◆ TASK INSTRUCTIONS: Give back an exact copy of the lines in the records below, from the line that has "apply/setP => i;" through the line that has "have splitQ' := card_Hsys_split", and nothing besides.

◆ DATA FOR REVIEW:
(* Let $H=(U,(A_1,\dots,A_m))$ be a harmonic set system with $|U|<m(m-2)$ and $m\ge 51$. Then $H_{\{1,3,5\},\{7,9,11\}}=\emptyset$.
   Context: For $I_1,I_2\subseteq[m]$, $H_{I_1,I_2}=\bigcap_{i\in I_1}A_i\cap\bigcap_{i\in I_2}(U\setminus A_i)$ (empty intersection $=U$), $H_I=H_{I,\emptyset}$. The run decomposition of a finite set $I$ of positive integers is the partition of sizes, in nonincreasing order, of the maximal runs of consecutive integers in $I$. $H$ is harmonic if $|H_I|=|H_J|$ whenever $I,J\subseteq[m]$ have the same run decomposition. *)

From mathcomp Require Import all_boot.
Set Implicit Arguments. Unset Strict Implicit. Unset Printing Implicit Defensive.

(* A set system H = (U, (A_1,...,A_m)): the ground set U is the finite type U,
   and A : nat -> {set U} gives A_i for i = 1..m (values at other i are irrelevant).
   Subsets of [m] = {1,...,m} are sets I : {set 'I_m.+1} with 0 \notin I. *)

Definition Hsys (U : finType) (m : nat) (A : nat -> {set U})
  (I1 I2 : {set 'I_m.+1}) : {set U} :=
  (\bigcap_(i in I1) A i) :&: (\bigcap_(i in I2) ~: A i).

Definition HI (U : finType) (m : nat) (A : nat -> {set U}) (I : {set 'I_m.+1})
  : {set U} := Hsys A I set0.

Fixpoint runs_from (last len : nat) (s : seq nat) : seq nat :=
  match s with
  | [::] => [:: len]
  | y :: t => if y == last.+1 then runs_from y len.+1 t
              else len :: runs_from y 1 t
  end.

Definition runs (s : seq nat) : seq nat :=
  match s with
  | [::] => [::]
  | x :: t => runs_from x 1 t
  end.

Definition run_decomp (n : nat) (I : {set 'I_n}) : seq nat :=
  sort geq (runs (sort leq [seq val i | i in I])).

Definition subset_m (m : nat) (I : {set 'I_m.+1}) : bool := ord0 \notin I.

Definition harmonic (U : finType) (m : nat) (A : nat -> {set U}) : Prop :=
  forall I J : {set 'I_m.+1}, subset_m I -> subset_m J ->
    run_decomp I = run_decomp J -> #|HI A I| = #|HI A J|.

From mathcomp Require Import all_boot.
From mathcomp Require Import zify.

(* A set of odd indices has run decomposition (1, ..., 1), so in a harmonic
   system #|H_{P,Q}| depends only on #|P| and #|Q| when P and Q are disjoint
   sets of odd indices: this follows by induction on #|Q| from
   #|H_{P,Q}| = #|H_{P,Q-q}| - #|H_{P+q,Q-q}|.
   Let O be the set of odd indices in [m], so #|O| >= (m+1)/2. A point x of
   H_{{1,3,5},{7,9,11}} has an odd trace S = {i in O | x in A_i} with
   3 <= #|S| <= #|O| - 3. Taking P = S and Q = O - S shows that every subset
   of O of size #|S| is the odd trace of some point, whence
   #|U| >= C(#|O|, #|S|) >= C(#|O|, 3) >= C((m+1)/2, 3) >= m(m-2). *)

Set Implicit Arguments.
Unset Strict Implicit.
Unset Printing Implicit Defensive.

Lemma runs_from_odd s l len : odd l -> all odd s ->
  runs_from l len s = len :: nseq (size s) 1.
Proof.
elim: s l len => [|y t IH] l len //= ol /andP[oy ot].
have -> : (y == l.+1) = false by apply: contraTF oy => /eqP->; rewrite /= ol.
by rewrite IH.
Qed.

Lemma runs_odd s : all odd s -> runs s = nseq (size s) 1.
Proof. by case: s => [|x t] //= /andP[ox ot]; rewrite runs_from_odd. Qed.

Lemma run_decomp_odd n (I : {set 'I_n}) :
  {in I, forall i : 'I_n, odd i} -> run_decomp I = sort geq (nseq #|I| 1).
Proof.
move=> oddI; rewrite /run_decomp runs_odd.
  by rewrite size_sort size_image.
by rewrite all_sort; apply/allP => k /mapP[i]; rewrite mem_enum => /oddI oi ->.
Qed.

Definition odds m : {set 'I_m.+1} := [set i : 'I_m.+1 | odd i].

Lemma half_leq_card_odds m : m.+1./2 <= #|odds m|.
Proof.
pose f (j : 'I_m.+1./2) : 'I_m.+1 := inord j.*2.+1.
have f_le (j : 'I_m.+1./2) : j.*2.+1 <= m.
  by have := ltn_ord j; have := odd_double_half m.+1; lia.
have f_inj : injective f.
  move=> j1 j2 /(congr1 val); rewrite /= !inordK ?ltnS ?f_le //.
  by move/succn_inj/double_inj/val_inj.
rewrite -{1}(card_ord m.+1./2) -cardsT -(card_imset _ f_inj).
apply/subset_leq_card/subsetP => _ /imsetP[j _ ->].
by rewrite inE inordK ?ltnS ?f_le //= odd_double.
Qed.

Lemma inord_odds m k : odd k -> k <= m -> inord k \in odds m.
Proof. by move=> ok km; rewrite inE inordK. Qed.

Lemma card_inord3 m a b c : a < b < c -> c <= m ->
  #|[set inord a; inord b; inord c] : {set 'I_m.+1}| = 3.
Proof.
move=> /andP[ab bc] cm.
have inj : {in [pred k | k <= m] &, injective (fun k => inord k : 'I_m.+1)}.
  by move=> i j im jm /(congr1 val); rewrite /= !inordK.
rewrite -setUA !cardsU1 cards1 !inE.
by rewrite !(inj_in_eq inj) ?inE; lia.
Qed.

Lemma leq_bin_succ n k : k.*2 < n -> 'C(n, k) <= 'C(n, k.+1).
Proof.
move=> lt2kn; rewrite -(leq_pmul2l (ltn0Sn k)) mul_bin_left leq_mul2r.
by apply/orP; right; lia.
Qed.

Lemma leq_bin_half n j k : j <= k -> k.*2 <= n -> 'C(n, j) <= 'C(n, k).
Proof.
elim: k => [|k IH]; first by rewrite leqn0 => /eqP->.
rewrite leq_eqVlt => /orP[/eqP-> // | ltjk] le2kn.
by apply: leq_trans (IH ltjk _) (leq_bin_succ _); lia.
Qed.

Lemma leq_bin n j k : j <= k -> j + k <= n -> 'C(n, j) <= 'C(n, k).
Proof.
move=> lejk lejkn; have [le2kn | lt2nk] := leqP k.*2 n.
  exact: leq_bin_half.
rewrite -[in X in _ <= X]bin_sub; [apply: leq_bin_half | ]; lia.
Qed.

Lemma bin3E n : 'C(n, 3) * 6 = n * (n - 1) * (n - 2).
Proof.
rewrite (bin_ffact n 3) !ffactnS ffactn0.
by case: n => [|[|[|n]]] //=; lia.
Qed.

Lemma leq_mul_bin3_half m : 51 <= m -> m * (m - 2) <= 'C(m.+1./2, 3).
Proof.
move=> m_ge51; rewrite -(leq_pmul2r (isT : 0 < 6)) bin3E.
have := odd_double_half m.+1; set K := m.+1./2 => defm.
have K_ge26 : 26 <= K by lia.
have -> : K = (K - 26) + 26 by lia.
by case: (odd m.+1) defm => /= defm; nia.
Qed.

Section HarmonicOddIndices.

Variables (U : finType) (m : nat) (A : nat -> {set U}).
Implicit Types (P Q S : {set 'I_m.+1}) (q : 'I_m.+1) (x : U).

Lemma Hsys_setU1l q P Q : Hsys A (q |: P) Q = Hsys A P Q :&: A q.
Proof.
rewrite /Hsys bigcap_setU big_set1; apply/setP => x.
by rewrite !inE; case: (x \in A q); rewrite ?andbT ?andbF.
Qed.

Lemma Hsys_setU1r q P Q : Hsys A P (q |: Q) = Hsys A P Q :\: A q.
Proof.
rewrite /Hsys bigcap_setU big_set1; apply/setP => x.
by rewrite !inE; case: (x \in A q); rewrite ?andbT ?andbF.
Qed.

Lemma card_Hsys_split q P Q :
  #|Hsys A P Q| = #|Hsys A (q |: P) Q| + #|Hsys A P (q |: Q)|.
Proof. by rewrite Hsys_setU1l Hsys_setU1r cardsID. Qed.

Definition disjoint_odd P Q := (P :|: Q \subset odds m) && [disjoint P & Q].

Lemma disjoint_odd_D1 q P Q : disjoint_odd P Q -> disjoint_odd P (Q :\ q).
Proof.
case/andP=> sPQ dPQ; apply/andP; split.
  by apply: subset_trans sPQ; rewrite setUS ?subsetDl.
exact: disjointWr (subsetDl _ _) dPQ.
Qed.

Lemma disjoint_odd_move q P Q :
  q \in Q -> disjoint_odd P Q -> disjoint_odd (q |: P) (Q :\ q).
Proof.
move=> qQ /andP[sPQ dPQ]; apply/andP; split.
  by rewrite -setUA setUCA setD1K ?setUA.
rewrite disjoints_subset subUset sub1set !inE eqxx /= -disjoints_subset.
exact: disjointWr (subsetDl _ _) dPQ.
Qed.

Lemma disjoint_odd_compl S : S \subset odds m -> disjoint_odd S (odds m :\: S).
Proof.
move=> sS; rewrite /disjoint_odd subUset sS subsetDl /=.
by rewrite disjoints_subset setDE setCI setCK subsetUr.
Qed.

Lemma in_Hsys x P Q : (x \in Hsys A P Q) =
  (P \subset [set i : 'I_m.+1 | x \in A i]) &&
  (Q \subset [set i : 'I_m.+1 | x \notin A i]).
Proof.
rewrite /Hsys inE; congr andb.
  by apply/bigcapP/subsetP => memA i /memA; rewrite inE.
by apply/bigcapP/subsetP => memA i /memA; rewrite !inE.
Qed.

Definition odd_trace x : {set 'I_m.+1} := [set i in odds m | x \in A i].

Lemma odd_trace_sub x : odd_trace x \subset odds m.
Proof. by apply/subsetP => i; rewrite inE => /andP[]. Qed.

Lemma Hsys_odd_trace x : x \in Hsys A (odd_trace x) (odds m :\: odd_trace x).
Proof.
rewrite in_Hsys; apply/andP; split; apply/subsetP => i; rewrite !inE.
  by case/andP.
by case: (odd i); case: (x \in A i).
Qed.

Lemma odd_trace_Hsys x S : S \subset odds m ->
  x \in Hsys A S (odds m :\: S) -> odd_trace x = S.
Proof.
move=> /subsetP sS; rewrite in_Hsys => /andP[/subsetP inA /subsetP notinA].
apply/setP => i; rewrite inE; have [iS | iNS] := boolP (i \in S).
  by rewrite sS //=; move/inA: iS; rewrite inE.
apply/andP => -[oi xAi].
by have := notinA i; rewrite in_setD iNS oi inE xAi => /(_ isT).
Qed.

Lemma Hsys_sub_odd_trace x P Q : P :|: Q \subset odds m -> x \in Hsys A P Q ->
  (P \subset odd_trace x) && (Q \subset odds m :\: odd_trace x).
Proof.
rewrite subUset in_Hsys => /andP[/subsetP sP /subsetP sQ].
move=> /andP[/subsetP inA /subsetP notinA].
apply/andP; split; apply/subsetP => i iPQ.
  by move: (sP i iPQ) (inA i iPQ); rewrite !inE => -> ->.
by move: (sQ i iPQ) (notinA i iPQ); rewrite !inE => -> /negbTE->.
Qed.

Hypothesis harmonicA : harmonic m A.

Lemma card_HI_odds P P' : P \subset odds m -> P' \subset odds m ->
  #|P| = #|P'| -> #|HI A P| = #|HI A P'|.
Proof.
have oddP (R : {set 'I_m.+1}) : R \subset odds m -> {in R, forall i : 'I_m.+1, odd i}.
  by move=> sR i /(subsetP sR); rewrite inE.
have subset_mP (R : {set 'I_m.+1}) : R \subset odds m -> subset_m R.
  by move=> /oddP oR; apply/negP => /oR.
move=> sP sP' eP; apply: harmonicA; rewrite ?subset_mP //.
by rewrite !run_decomp_odd ?eP //; exact: oddP.
Qed.

Lemma card_Hsys_odd P Q P' Q' : disjoint_odd P Q -> disjoint_odd P' Q' ->
  #|P| = #|P'| -> #|Q| = #|Q'| -> #|Hsys A P Q| = #|Hsys A P' Q'|.
Proof.
move: {2}#|Q| (erefl #|Q|) => n.
elim: n P Q P' Q' => [|n IH] P Q P' Q' cQ oPQ oPQ' eP eQ'.
  have /eqP Q0 : Q == set0 by rewrite -cards_eq0 cQ.
  have /eqP Q'0 : Q' == set0 by rewrite -cards_eq0 -eQ' cQ.
  move: oPQ oPQ'; rewrite Q0 Q'0 /disjoint_odd !setU0 => /andP[sP _] /andP[sP' _].
  exact: card_HI_odds.
have [q qQ] : exists q, q \in Q by apply/card_gt0P; rewrite cQ.
have [q' qQ'] : exists q', q' \in Q' by apply/card_gt0P; rewrite -eQ' cQ.
have cQq : #|Q :\ q| = n by move: cQ; rewrite (cardsD1 q) qQ => -[].
have cQq' : #|Q' :\ q'| = n by move: cQ; rewrite eQ' (cardsD1 q') qQ' => -[].
have qP : q \notin P by case/andP: oPQ => _ /disjointFl ->.
have qP' : q' \notin P' by case/andP: oPQ' => _ /disjointFl ->.
have splitQ := card_Hsys_split q P (Q :\ q).
have splitQ' := card_Hsys_split q' P' (Q' :\ q').
rewrite setD1K // in splitQ; rewrite setD1K // in splitQ'.
have e_rest : #|Hsys A P (Q :\ q)| = #|Hsys A P' (Q' :\ q')|.
  by apply: IH; rewrite ?disjoint_odd_D1 ?cQq'.
have e_moved : #|Hsys A (q |: P) (Q :\ q)| = #|Hsys A (q' |: P') (Q' :\ q')|.
  by apply: IH; rewrite ?disjoint_odd_move ?cardsU1 ?qP ?qP' ?eP ?cQq'.
by apply/(@addnI #|Hsys A (q |: P) (Q :\ q)|); rewrite -splitQ e_moved -splitQ'.
Qed.

Lemma bin_odd_trace_leq_card x : 'C(#|odds m|, #|odd_trace x|) <= #|U|.
Proof.
rewrite -cards_draws -cardsT; apply: leq_trans (leq_imset_card odd_trace _).
apply/subset_leq_card/subsetP => S; rewrite inE => /andP[sS /eqP cS].
have : 0 < #|Hsys A S (odds m :\: S)|.
  rewrite (card_Hsys_odd (disjoint_odd_compl sS)
             (disjoint_odd_compl (odd_trace_sub x)) cS); last first.
    by rewrite !cardsDS ?odd_trace_sub ?cS.
  by apply/card_gt0P; exists x; apply: Hsys_odd_trace.
case/card_gt0P => y /(odd_trace_Hsys sS) <-.
by rewrite imset_f ?inE.
Qed.

End HarmonicOddIndices.

Theorem proposition4p20 (U : finType) (m : nat) (A : nat -> {set U}) :
  harmonic m A -> #|U| < m * (m - 2) -> 51 <= m ->
  Hsys A ([set inord 1; inord 3; inord 5] : {set 'I_m.+1})
         [set inord 7; inord 9; inord 11] = set0.
Proof.
move=> harmonicA ltUm m_ge51; apply/setP => x; rewrite in_set0; apply/negP => xH.
have oddPQ : [set inord 1; inord 3; inord 5] :|: [set inord 7; inord 9; inord 11]
               \subset odds m.
  by rewrite !subUset !sub1set !inord_odds //; lia.
have /andP[/subset_leq_card le3S /subset_leq_card le3Sc] :=
  Hsys_sub_odd_trace oddPQ xH.
rewrite card_inord3 // in le3S; last lia.
rewrite card_inord3 ?cardsDS ?odd_trace_sub // in le3Sc; last lia.
have := bin_odd_trace_leq_card harmonicA x.
have le3S_odds : 3 + #|odd_trace m A x| <= #|odds m| by lia.
have := leq_bin le3S le3S_odds.
have := leq_bin2l 3 (half_leq_card_odds m).
have := leq_mul_bin3_half m_ge51.
lia.
Qed.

◆ REPLY:
apply/setP => i; rewrite inE; have [iS | iNS] := boolP (i \in S).
  by rewrite sS //=; move/inA: iS; rewrite inE.
apply/andP => -[oi xAi].
by have := notinA i; rewrite in_setD iNS oi inE xAi => /(_ isT).
Qed.

Lemma Hsys_sub_odd_trace x P Q : P :|: Q \subset odds m -> x \in Hsys A P Q ->
  (P \subset odd_trace x) && (Q \subset odds m :\: odd_trace x).
Proof.
rewrite subUset in_Hsys => /andP[/subsetP sP /subsetP sQ].
move=> /andP[/subsetP inA /subsetP notinA].
apply/andP; split; apply/subsetP => i iPQ.
  by move: (sP i iPQ) (inA i iPQ); rewrite !inE => -> ->.
by move: (sQ i iPQ) (notinA i iPQ); rewrite !inE => -> /negbTE->.
Qed.

Hypothesis harmonicA : harmonic m A.

Lemma card_HI_odds P P' : P \subset odds m -> P' \subset odds m ->
  #|P| = #|P'| -> #|HI A P| = #|HI A P'|.
Proof.
have oddP (R : {set 'I_m.+1}) : R \subset odds m -> {in R, forall i : 'I_m.+1, odd i}.
  by move=> sR i /(subsetP sR); rewrite inE.
have subset_mP (R : {set 'I_m.+1}) : R \subset odds m -> subset_m R.
  by move=> /oddP oR; apply/negP => /oR.
move=> sP sP' eP; apply: harmonicA; rewrite ?subset_mP //.
by rewrite !run_decomp_odd ?eP //; exact: oddP.
Qed.

Lemma card_Hsys_odd P Q P' Q' : disjoint_odd P Q -> disjoint_odd P' Q' ->
  #|P| = #|P'| -> #|Q| = #|Q'| -> #|Hsys A P Q| = #|Hsys A P' Q'|.
Proof.
move: {2}#|Q| (erefl #|Q|) => n.
elim: n P Q P' Q' => [|n IH] P Q P' Q' cQ oPQ oPQ' eP eQ'.
  have /eqP Q0 : Q == set0 by rewrite -cards_eq0 cQ.
  have /eqP Q'0 : Q' == set0 by rewrite -cards_eq0 -eQ' cQ.
  move: oPQ oPQ'; rewrite Q0 Q'0 /disjoint_odd !setU0 => /andP[sP _] /andP[sP' _].
  exact: card_HI_odds.
have [q qQ] : exists q, q \in Q by apply/card_gt0P; rewrite cQ.
have [q' qQ'] : exists q', q' \in Q' by apply/card_gt0P; rewrite -eQ' cQ.
have cQq : #|Q :\ q| = n by move: cQ; rewrite (cardsD1 q) qQ => -[].
have cQq' : #|Q' :\ q'| = n by move: cQ; rewrite eQ' (cardsD1 q') qQ' => -[].
have qP : q \notin P by case/andP: oPQ => _ /disjointFl ->.
have qP' : q' \notin P' by case/andP: oPQ' => _ /disjointFl ->.
have splitQ := card_Hsys_split q P (Q :\ q).
have splitQ' := card_Hsys_split q' P' (Q' :\ q').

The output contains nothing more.